Results: There were no significant main or interaction effects of any of the relationship measures on subjective sleep quality. In contrast, PSG results indicated that women with bed partners displayed better sleep efficiency (p < .005). Marital status was also associated with sleep efficiency (p < .05), and married women displayed significantly shorter sleep latencies as compared with never married women (p < .05). Anxiously attached women displayed a reduced percentage of stage 3–4 sleep (p < .05). Moreover, a significant interaction between attachment anxiety and marital status (p < .05) suggested that anxiously attached women who were previously married (i.e., divorced, separated, or widowed) displayed a particularly low percentage of stage 3–4 sleep.

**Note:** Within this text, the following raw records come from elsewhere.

(* Let $\Omega$ be a finite set, $K\ge1$, $A$ a symmetric real $|\Omega|\times|\Omega|$ matrix, $w\in\mathbb{R}^{\Omega}$ with $w_p>0$ for all $p$, and $W=\mathrm{diag}(w)$. For nonzero $X\in\{0,1\}^{\Omega}$ let $e(X)=-\frac{X'AX}{w'X}$ and $\nabla e(X)=w\frac{X'AX}{(w'X)^2}-AX\frac{2}{w'X}$. For labelings $S:\Omega\to\{1,\dots,K\}$ with all segments $S^k$ (identified with indicator vectors) nonempty let $E_A(S)=\sum_k e(S^k)$. Fix such a labeling $S_t$ and for $\delta\in\mathbb{R}$ define $$B_t(S,\delta)=\sum_{k}\nabla e(S^k_t)'S^k+\delta\sum_k\frac{(\mathbf{1}-2S^k_t)'WS^k}{w'S^k_t}.$$ Then for every $\delta\ge-\lambda_0(W^{-1/2}AW^{-1/2})$, where $\lambda_0$ denotes the smallest eigenvalue, $B_t(\cdot,\delta)+K\delta$ is an auxiliary function for $E_A$ at $S_t$; in particular $\{B_t(\cdot,\delta)+K\delta\}_{\delta\in\mathbb{R}}$ is a pseudo-bound for $E_A$ at $S_t$. Moreover, for any factors $c\in\mathcal{F}$ (subsets of $\Omega$), arbitrary real potentials $E_c(S_c)$ and $\gamma\in\mathbb{R}$, the same holds for $B_t(S,\delta)+K\delta+\gamma\sum_{c\in\mathcal{F}}E_c(S_c)$ with respect to the joint energy $E_A(S)+\gamma\sum_{c\in\mathcal{F}}E_c(S_c)$.
   Context: An auxiliary function for $E$ at $S_t$ is a function $a$ with $E(S)\le a(S)$ for all admissible $S$ and $E(S_t)=a(S_t)$. A family $B(S,\delta)$ indexed by a real parameter $\delta$ is a pseudo-bound for $E$ at $S_t$ if there is at least one $\delta'$ for which $B(\cdot,\delta')$ is an auxiliary function for $E$ at $S_t$. $\mathbf{1}$ is the all-ones vector. *)

From HB Require Import structures.
From mathcomp Require Import all_boot all_order all_algebra.
From mathcomp Require Import reals.
Set Implicit Arguments. Unset Strict Implicit. Unset Printing Implicit Defensive.
Import Order.TTheory GRing.Theory Num.Theory.
Local Open Scope ring_scope.

Section Defs.
Variables (R : realType) (n K : nat).

Definition labeling := 'I_n -> 'I_K.

Definition admissible (S : labeling) : Prop := forall k : 'I_K, exists i, S i = k.

Definition seg (S : labeling) (k : 'I_K) : 'cV[R]_n :=
  \col_i (S i == k)%:R.

Definition sc (M : 'M[R]_1) : R := M 0 0.

Definition e_fun (A : 'M[R]_n) (w X : 'cV[R]_n) : R :=
  - sc (X^T *m A *m X) / sc (w^T *m X).

Definition grad_e (A : 'M[R]_n) (w X : 'cV[R]_n) : 'cV[R]_n :=
  (sc (X^T *m A *m X) / (sc (w^T *m X)) ^+ 2) *: w
  - (2 / sc (w^T *m X)) *: (A *m X).

Definition E_A (A : 'M[R]_n) (w : 'cV[R]_n) (S : labeling) : R :=
  \sum_(k < K) e_fun A w (seg S k).

Definition Wmat (w : 'cV[R]_n) : 'M[R]_n := diag_mx (w^T).

Definition Wmhalf (w : 'cV[R]_n) : 'M[R]_n := diag_mx (\row_i (Num.sqrt (w i 0))^-1).

Definition const1 : 'cV[R]_n := const_mx 1.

Conclusions: Depressed women who exhibit an anxious attachment style and have experienced a marital rupture show reduced stage 3–4 sleep, which may signal a concomitant reduction in restorative cognitive and metabolic processes. Relationship context influences sleep continuity. These results provide a more nuanced approach to considering qualitative and structural aspects of relationships that may influence sleep.

Key Words: attachment style • sleep • marital status • bed partner • polysomnography

Abbreviations: PSG = polysomnography; MDD = major depressive disorder; REM = rapid eye movement; PSQI = Pittsburgh Sleep Quality Index; HRSD = Hamilton Rating Scale for Depression; IPT-M = Interpersonal Psychotherapy Maintenance; RQ = Relationship Questionnaire; MS = marital status; A = attachment style; BP = bed-partner status.